TASK BRIEF:
Below are entries. Reproduce exactly the lines between the line holding "by case: u => [a|//|A vs] _" and the line holding "End ChainTrees.", inclusive, and only those.

MATERIAL FOR THIS TASK:
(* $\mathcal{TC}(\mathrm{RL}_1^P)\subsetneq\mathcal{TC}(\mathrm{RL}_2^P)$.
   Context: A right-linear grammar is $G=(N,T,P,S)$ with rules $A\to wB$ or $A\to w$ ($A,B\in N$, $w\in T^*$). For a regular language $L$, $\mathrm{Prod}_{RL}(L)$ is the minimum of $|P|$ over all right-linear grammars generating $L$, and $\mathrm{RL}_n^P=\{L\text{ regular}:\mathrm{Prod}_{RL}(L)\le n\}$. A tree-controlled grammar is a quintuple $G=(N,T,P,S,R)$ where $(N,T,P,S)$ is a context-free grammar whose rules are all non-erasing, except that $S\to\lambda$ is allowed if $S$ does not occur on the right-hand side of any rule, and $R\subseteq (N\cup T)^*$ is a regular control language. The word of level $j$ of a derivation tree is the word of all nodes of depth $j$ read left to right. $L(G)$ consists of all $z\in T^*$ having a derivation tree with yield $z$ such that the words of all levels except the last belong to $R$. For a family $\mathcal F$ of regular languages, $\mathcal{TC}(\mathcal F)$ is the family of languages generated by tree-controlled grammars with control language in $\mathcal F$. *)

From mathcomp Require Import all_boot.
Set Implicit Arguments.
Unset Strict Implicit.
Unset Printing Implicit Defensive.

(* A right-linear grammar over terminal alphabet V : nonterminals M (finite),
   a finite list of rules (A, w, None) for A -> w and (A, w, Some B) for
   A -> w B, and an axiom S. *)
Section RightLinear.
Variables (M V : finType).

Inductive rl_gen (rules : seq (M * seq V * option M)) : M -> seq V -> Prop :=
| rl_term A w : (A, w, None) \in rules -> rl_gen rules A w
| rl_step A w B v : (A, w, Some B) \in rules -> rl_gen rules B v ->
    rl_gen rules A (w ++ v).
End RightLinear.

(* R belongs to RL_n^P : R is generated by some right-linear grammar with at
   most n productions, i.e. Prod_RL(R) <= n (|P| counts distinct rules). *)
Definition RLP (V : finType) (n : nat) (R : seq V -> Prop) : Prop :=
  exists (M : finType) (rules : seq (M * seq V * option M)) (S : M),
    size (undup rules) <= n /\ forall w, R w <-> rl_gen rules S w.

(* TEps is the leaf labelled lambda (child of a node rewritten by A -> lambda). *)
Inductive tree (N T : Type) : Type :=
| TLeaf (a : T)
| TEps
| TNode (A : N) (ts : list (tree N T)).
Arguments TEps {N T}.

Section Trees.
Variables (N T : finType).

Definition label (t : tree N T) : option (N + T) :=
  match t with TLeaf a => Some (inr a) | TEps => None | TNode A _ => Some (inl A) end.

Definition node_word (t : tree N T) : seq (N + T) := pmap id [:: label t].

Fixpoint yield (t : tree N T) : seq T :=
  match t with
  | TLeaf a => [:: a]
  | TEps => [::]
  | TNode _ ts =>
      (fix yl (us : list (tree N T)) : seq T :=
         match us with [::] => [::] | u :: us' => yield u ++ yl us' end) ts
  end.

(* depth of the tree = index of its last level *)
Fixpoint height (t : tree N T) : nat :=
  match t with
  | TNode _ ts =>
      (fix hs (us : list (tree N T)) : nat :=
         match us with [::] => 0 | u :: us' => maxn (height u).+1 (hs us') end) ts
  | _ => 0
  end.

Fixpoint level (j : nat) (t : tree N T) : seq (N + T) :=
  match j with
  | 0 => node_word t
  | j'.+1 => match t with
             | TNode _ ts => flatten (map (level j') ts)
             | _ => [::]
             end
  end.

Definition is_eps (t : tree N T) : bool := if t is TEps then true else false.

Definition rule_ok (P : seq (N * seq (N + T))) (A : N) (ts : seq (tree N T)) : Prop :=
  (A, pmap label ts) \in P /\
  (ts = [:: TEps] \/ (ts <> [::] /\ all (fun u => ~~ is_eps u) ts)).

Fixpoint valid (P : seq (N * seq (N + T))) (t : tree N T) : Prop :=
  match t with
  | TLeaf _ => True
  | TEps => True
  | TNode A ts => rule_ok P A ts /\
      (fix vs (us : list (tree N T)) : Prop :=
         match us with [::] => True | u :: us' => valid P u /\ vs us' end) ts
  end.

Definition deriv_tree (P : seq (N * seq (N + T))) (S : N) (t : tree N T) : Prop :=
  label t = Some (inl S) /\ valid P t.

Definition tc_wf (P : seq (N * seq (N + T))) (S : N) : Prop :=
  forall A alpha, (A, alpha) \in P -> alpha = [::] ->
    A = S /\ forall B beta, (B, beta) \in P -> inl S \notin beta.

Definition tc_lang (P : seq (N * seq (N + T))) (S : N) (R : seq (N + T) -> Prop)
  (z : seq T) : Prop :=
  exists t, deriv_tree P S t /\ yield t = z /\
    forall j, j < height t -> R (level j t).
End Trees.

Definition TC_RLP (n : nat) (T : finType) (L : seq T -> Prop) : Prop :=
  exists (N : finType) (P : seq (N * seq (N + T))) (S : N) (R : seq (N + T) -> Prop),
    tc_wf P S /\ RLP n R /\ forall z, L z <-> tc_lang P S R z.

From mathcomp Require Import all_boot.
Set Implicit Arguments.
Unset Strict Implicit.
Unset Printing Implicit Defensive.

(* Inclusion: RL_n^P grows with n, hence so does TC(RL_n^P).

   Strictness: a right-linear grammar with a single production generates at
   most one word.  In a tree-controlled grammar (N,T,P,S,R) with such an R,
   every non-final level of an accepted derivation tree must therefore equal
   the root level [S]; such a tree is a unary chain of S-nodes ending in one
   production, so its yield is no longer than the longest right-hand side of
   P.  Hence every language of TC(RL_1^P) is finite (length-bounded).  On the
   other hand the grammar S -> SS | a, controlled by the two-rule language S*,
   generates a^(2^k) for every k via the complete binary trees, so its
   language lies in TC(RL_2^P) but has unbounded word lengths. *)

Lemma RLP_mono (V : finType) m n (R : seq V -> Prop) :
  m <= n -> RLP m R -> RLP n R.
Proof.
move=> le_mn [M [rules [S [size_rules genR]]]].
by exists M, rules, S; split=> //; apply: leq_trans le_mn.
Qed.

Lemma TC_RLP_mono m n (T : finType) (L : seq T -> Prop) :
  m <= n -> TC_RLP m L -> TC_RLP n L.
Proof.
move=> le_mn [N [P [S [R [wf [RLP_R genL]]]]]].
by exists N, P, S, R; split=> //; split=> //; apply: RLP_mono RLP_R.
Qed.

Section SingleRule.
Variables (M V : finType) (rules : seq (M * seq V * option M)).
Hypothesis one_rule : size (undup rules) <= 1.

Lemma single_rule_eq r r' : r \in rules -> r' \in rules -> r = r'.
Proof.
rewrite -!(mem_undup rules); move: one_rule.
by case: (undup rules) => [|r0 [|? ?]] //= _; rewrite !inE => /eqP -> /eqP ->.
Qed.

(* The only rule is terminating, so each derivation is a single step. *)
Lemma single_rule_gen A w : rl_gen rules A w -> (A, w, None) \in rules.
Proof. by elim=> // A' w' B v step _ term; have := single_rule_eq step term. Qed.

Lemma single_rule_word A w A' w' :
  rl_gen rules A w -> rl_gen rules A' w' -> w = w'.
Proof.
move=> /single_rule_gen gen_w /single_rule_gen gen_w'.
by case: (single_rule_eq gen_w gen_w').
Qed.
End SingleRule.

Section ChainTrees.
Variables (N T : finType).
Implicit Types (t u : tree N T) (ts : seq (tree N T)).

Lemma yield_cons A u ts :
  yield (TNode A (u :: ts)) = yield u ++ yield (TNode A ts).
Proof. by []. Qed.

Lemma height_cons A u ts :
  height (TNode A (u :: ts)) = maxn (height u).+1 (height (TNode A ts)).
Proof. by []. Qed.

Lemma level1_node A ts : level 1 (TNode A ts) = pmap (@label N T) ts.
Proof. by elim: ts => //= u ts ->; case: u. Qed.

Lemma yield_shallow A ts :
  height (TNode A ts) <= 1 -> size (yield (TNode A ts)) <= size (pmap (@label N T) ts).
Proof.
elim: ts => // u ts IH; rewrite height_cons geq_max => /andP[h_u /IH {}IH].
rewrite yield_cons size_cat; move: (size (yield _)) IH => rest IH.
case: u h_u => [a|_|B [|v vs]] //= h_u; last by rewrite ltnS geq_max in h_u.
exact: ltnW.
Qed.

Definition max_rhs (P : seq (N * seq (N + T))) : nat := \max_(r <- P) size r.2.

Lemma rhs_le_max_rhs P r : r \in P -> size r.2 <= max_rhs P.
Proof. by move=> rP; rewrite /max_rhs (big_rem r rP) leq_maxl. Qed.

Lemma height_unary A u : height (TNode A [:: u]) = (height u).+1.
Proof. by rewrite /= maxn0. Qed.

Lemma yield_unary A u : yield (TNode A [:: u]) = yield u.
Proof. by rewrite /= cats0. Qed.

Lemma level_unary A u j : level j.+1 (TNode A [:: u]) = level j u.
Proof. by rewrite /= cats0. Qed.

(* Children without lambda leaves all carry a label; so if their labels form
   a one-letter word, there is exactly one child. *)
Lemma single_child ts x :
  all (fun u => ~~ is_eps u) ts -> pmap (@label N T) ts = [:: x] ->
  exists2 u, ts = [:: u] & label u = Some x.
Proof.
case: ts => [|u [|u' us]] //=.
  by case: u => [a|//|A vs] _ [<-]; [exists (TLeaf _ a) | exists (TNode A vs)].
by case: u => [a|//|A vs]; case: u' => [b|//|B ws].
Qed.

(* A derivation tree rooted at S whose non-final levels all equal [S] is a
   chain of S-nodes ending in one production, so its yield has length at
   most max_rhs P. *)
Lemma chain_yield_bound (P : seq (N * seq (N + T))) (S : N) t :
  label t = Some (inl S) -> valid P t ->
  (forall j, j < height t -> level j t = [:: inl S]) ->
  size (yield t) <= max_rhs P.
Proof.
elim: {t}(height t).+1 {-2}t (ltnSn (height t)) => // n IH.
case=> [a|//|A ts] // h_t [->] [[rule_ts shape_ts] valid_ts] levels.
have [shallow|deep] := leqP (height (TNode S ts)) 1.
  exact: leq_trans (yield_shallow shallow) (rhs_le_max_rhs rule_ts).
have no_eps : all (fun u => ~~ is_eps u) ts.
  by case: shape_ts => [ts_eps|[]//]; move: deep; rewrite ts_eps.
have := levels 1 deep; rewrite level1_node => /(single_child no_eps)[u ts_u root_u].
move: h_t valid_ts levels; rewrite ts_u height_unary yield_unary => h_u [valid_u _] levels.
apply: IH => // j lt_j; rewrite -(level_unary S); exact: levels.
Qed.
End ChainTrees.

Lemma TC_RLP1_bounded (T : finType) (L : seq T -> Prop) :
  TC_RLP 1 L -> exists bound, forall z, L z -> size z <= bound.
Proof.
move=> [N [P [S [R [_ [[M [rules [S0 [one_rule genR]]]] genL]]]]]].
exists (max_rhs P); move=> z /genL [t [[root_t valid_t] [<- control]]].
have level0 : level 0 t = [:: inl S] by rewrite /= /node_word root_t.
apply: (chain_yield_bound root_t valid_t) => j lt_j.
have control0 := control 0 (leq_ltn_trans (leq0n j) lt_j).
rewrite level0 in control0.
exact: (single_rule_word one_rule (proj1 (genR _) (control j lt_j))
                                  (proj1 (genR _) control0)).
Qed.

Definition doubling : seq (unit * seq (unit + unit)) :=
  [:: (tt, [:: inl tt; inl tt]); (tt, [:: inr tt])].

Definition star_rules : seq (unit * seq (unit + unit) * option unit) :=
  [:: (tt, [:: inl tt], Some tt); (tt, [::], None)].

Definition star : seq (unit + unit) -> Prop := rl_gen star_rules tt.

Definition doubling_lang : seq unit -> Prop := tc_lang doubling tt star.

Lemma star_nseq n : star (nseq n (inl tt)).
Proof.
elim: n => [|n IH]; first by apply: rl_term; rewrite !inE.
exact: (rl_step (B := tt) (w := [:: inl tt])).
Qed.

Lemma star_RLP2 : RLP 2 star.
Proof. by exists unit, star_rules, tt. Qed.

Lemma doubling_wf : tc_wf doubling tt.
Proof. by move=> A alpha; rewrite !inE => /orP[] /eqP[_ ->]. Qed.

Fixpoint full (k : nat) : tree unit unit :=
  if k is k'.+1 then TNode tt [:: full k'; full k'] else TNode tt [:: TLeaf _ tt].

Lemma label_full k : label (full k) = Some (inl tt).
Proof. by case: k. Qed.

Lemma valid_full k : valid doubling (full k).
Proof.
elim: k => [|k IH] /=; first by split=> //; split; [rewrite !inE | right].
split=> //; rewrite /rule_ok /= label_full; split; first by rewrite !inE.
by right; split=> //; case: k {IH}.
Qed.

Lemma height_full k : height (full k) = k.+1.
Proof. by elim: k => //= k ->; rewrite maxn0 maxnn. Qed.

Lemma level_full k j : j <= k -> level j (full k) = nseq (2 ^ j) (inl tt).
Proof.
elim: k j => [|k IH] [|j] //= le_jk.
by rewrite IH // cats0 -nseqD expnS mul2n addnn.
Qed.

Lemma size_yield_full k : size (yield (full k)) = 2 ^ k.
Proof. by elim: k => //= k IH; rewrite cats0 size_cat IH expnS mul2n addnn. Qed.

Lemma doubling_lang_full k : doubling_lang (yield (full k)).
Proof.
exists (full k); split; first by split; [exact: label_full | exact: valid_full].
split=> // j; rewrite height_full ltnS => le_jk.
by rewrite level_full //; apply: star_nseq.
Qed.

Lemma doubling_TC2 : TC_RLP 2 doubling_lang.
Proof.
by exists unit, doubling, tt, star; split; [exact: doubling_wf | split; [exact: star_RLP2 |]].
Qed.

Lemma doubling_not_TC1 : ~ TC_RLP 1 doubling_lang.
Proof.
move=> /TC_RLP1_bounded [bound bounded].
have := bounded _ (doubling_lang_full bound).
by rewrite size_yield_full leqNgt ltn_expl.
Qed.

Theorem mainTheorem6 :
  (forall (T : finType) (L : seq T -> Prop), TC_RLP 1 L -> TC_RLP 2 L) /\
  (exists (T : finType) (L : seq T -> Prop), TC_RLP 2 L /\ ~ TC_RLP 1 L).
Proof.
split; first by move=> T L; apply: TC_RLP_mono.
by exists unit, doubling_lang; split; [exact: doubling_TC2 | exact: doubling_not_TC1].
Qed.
==
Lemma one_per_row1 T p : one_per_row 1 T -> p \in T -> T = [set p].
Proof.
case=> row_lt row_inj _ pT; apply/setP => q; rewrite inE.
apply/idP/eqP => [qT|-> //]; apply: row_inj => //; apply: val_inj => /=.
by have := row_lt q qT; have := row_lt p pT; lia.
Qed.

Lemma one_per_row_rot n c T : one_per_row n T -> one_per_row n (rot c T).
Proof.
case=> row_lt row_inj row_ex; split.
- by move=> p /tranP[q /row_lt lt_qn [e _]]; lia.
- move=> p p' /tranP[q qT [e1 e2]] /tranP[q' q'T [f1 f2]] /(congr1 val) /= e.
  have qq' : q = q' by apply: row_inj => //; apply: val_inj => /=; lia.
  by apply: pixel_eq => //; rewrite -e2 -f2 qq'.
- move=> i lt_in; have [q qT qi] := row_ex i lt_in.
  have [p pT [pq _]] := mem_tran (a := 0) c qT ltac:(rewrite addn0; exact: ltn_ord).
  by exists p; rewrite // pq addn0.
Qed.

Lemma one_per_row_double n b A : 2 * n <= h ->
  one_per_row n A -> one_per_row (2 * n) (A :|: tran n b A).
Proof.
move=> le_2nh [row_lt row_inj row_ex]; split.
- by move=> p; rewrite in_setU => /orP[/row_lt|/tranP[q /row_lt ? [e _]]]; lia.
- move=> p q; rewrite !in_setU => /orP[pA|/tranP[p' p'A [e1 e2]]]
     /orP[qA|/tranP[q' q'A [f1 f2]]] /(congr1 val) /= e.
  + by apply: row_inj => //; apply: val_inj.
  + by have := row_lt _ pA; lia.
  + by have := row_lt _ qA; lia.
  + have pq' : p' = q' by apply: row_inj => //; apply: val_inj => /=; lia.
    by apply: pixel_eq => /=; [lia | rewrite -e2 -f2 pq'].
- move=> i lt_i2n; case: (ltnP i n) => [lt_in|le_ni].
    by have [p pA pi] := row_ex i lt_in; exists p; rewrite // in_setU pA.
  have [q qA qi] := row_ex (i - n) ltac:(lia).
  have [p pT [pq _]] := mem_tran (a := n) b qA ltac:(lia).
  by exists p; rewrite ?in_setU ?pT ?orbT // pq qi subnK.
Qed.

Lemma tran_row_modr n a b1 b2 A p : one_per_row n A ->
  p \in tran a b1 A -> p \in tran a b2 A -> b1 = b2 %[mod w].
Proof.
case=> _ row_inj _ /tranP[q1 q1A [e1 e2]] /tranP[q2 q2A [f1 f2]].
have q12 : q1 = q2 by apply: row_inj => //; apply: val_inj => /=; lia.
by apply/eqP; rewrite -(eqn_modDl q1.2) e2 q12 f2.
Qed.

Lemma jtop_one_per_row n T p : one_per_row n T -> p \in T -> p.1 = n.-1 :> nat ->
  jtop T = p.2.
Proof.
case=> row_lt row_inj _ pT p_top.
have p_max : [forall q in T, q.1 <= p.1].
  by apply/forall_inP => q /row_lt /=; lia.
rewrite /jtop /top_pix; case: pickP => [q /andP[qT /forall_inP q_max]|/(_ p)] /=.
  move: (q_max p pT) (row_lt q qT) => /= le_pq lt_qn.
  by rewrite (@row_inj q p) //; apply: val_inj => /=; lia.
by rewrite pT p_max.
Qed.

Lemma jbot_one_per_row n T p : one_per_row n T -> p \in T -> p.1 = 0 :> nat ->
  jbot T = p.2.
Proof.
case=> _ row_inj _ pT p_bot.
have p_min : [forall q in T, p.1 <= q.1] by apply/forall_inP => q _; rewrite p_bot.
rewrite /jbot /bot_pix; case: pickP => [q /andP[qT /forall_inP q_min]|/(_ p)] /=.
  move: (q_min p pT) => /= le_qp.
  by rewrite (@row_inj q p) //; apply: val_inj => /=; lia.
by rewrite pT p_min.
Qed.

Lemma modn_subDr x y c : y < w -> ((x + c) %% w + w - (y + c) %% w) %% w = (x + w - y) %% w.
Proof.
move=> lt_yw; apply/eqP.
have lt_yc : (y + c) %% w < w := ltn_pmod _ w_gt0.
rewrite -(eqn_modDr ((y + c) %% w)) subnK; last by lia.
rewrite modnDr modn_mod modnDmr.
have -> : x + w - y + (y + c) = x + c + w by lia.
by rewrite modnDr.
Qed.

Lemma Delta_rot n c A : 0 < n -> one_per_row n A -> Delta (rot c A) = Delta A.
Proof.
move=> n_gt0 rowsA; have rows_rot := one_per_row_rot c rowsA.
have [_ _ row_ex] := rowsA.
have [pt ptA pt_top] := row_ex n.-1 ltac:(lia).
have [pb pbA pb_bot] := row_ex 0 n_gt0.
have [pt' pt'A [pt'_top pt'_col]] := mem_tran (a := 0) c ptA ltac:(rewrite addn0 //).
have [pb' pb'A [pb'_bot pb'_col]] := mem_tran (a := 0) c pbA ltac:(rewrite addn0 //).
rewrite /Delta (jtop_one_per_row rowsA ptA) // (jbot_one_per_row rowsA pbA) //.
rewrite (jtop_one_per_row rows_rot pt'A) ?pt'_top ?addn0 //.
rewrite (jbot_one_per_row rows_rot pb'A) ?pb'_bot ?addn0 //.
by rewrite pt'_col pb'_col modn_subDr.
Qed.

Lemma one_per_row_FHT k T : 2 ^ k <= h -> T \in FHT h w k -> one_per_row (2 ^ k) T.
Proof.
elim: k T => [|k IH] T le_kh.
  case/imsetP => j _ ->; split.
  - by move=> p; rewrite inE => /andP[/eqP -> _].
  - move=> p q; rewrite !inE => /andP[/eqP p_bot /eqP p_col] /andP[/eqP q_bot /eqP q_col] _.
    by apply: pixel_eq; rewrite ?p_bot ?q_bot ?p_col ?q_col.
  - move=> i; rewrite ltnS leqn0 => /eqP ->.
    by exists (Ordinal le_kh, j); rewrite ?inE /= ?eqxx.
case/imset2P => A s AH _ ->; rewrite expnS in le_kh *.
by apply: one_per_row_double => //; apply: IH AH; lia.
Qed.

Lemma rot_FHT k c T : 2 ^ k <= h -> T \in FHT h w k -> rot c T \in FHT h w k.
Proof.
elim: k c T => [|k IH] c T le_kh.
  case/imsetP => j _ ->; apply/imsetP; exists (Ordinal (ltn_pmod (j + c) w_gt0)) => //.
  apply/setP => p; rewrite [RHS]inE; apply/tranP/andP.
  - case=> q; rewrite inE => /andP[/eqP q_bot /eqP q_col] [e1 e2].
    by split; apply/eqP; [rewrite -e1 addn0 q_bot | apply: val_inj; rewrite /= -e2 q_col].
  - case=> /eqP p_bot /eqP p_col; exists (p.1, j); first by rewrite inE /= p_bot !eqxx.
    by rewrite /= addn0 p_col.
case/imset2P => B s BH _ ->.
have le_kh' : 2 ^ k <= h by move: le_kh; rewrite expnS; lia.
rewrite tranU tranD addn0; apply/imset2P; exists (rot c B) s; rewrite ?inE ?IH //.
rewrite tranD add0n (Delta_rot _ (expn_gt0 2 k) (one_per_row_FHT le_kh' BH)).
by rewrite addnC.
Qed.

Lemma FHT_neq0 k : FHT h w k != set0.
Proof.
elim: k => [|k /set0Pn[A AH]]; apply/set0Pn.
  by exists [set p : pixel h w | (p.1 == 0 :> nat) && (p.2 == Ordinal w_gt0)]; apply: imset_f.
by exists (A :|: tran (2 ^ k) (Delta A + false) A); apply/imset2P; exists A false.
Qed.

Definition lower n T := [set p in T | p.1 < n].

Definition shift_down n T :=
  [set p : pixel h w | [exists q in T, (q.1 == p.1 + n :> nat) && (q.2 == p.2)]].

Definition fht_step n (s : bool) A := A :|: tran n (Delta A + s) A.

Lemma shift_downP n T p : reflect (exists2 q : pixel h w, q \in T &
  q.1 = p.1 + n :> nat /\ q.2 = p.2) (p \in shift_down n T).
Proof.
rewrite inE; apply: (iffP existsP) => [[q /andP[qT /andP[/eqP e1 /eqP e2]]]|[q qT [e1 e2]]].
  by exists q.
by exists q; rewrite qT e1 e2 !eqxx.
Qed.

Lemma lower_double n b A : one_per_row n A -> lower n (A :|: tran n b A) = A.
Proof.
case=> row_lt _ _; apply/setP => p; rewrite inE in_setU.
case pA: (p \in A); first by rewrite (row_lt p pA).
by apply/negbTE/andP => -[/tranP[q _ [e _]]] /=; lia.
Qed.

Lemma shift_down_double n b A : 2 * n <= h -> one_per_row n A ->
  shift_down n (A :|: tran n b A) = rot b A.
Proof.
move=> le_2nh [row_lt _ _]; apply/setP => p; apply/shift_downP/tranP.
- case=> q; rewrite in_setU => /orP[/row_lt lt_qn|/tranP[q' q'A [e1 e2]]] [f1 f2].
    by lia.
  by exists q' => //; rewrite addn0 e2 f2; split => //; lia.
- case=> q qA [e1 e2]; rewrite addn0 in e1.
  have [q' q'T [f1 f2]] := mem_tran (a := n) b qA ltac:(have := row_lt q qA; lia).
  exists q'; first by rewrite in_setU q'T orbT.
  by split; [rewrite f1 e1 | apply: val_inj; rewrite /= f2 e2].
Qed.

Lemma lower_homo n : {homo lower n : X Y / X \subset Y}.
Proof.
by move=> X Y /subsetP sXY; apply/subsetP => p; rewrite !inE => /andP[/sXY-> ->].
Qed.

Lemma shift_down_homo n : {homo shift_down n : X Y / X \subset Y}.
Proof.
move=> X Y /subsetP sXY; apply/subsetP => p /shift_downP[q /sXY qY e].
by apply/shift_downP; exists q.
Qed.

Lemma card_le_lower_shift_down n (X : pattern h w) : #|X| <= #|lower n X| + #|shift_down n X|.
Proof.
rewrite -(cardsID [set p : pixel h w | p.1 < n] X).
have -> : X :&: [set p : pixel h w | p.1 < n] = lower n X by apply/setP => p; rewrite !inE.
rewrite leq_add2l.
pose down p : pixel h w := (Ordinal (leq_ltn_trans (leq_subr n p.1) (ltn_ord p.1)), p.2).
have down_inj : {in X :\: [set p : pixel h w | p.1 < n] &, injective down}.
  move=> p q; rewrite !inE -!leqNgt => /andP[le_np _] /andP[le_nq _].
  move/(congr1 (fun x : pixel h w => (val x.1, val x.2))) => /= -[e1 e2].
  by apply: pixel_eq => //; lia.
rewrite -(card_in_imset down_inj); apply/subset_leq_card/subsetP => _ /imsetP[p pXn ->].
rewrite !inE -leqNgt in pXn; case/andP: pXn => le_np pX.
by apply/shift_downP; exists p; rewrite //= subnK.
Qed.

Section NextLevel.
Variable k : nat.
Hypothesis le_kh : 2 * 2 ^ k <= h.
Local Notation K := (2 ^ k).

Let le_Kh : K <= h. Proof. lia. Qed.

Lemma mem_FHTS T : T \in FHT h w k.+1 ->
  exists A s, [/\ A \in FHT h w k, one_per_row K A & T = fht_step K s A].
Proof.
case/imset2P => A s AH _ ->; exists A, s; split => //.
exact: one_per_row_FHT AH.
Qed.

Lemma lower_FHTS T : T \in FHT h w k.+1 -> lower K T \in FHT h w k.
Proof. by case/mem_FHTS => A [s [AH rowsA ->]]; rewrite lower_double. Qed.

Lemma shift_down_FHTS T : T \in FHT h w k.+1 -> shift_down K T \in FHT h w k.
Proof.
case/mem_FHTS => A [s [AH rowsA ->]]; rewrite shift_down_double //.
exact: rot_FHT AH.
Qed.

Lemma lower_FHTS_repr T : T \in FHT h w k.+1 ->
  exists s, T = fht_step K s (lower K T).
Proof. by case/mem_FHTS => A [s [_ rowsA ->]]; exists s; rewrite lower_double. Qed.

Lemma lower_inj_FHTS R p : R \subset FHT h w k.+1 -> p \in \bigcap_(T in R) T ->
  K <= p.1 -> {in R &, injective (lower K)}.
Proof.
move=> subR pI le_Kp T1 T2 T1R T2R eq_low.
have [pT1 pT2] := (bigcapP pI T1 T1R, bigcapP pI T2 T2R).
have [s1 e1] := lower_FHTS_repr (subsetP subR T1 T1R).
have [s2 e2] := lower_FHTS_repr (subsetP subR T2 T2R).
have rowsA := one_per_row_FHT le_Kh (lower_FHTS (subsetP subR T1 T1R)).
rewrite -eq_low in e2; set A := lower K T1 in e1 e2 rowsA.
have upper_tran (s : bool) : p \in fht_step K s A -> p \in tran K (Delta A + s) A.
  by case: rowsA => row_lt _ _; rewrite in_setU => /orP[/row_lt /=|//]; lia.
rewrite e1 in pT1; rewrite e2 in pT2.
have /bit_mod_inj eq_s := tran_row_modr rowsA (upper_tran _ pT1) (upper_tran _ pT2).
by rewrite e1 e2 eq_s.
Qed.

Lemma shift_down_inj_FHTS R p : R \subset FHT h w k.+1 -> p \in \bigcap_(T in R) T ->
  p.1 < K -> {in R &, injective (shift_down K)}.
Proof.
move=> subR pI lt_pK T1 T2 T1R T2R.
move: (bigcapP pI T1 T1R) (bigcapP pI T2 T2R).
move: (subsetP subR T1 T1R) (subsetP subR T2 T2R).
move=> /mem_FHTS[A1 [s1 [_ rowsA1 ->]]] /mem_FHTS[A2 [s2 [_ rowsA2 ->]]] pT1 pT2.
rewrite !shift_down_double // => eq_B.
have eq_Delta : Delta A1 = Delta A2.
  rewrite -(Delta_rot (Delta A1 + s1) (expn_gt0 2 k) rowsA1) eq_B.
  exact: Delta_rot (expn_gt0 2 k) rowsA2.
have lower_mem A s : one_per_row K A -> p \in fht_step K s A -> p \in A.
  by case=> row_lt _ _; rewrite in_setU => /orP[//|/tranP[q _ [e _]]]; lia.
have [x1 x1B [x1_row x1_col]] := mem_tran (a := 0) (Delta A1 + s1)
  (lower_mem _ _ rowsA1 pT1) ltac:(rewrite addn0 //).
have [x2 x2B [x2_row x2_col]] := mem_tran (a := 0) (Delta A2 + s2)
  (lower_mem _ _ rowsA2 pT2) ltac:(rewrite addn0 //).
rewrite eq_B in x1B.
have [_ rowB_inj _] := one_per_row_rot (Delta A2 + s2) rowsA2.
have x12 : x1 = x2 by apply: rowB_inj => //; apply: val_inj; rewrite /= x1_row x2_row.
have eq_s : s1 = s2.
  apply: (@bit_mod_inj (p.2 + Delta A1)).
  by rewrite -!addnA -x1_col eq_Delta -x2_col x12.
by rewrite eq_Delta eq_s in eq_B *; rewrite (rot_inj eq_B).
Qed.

RESPONSE:
  by case: u => [a|//|A vs] _ [<-]; [exists (TLeaf _ a) | exists (TNode A vs)].
by case: u => [a|//|A vs]; case: u' => [b|//|B ws].
Qed.

(* A derivation tree rooted at S whose non-final levels all equal [S] is a
   chain of S-nodes ending in one production, so its yield has length at
   most max_rhs P. *)
Lemma chain_yield_bound (P : seq (N * seq (N + T))) (S : N) t :
  label t = Some (inl S) -> valid P t ->
  (forall j, j < height t -> level j t = [:: inl S]) ->
  size (yield t) <= max_rhs P.
Proof.
elim: {t}(height t).+1 {-2}t (ltnSn (height t)) => // n IH.
case=> [a|//|A ts] // h_t [->] [[rule_ts shape_ts] valid_ts] levels.
have [shallow|deep] := leqP (height (TNode S ts)) 1.
  exact: leq_trans (yield_shallow shallow) (rhs_le_max_rhs rule_ts).
have no_eps : all (fun u => ~~ is_eps u) ts.
  by case: shape_ts => [ts_eps|[]//]; move: deep; rewrite ts_eps.
have := levels 1 deep; rewrite level1_node => /(single_child no_eps)[u ts_u root_u].
move: h_t valid_ts levels; rewrite ts_u height_unary yield_unary => h_u [valid_u _] levels.
apply: IH => // j lt_j; rewrite -(level_unary S); exact: levels.
Qed.
End ChainTrees.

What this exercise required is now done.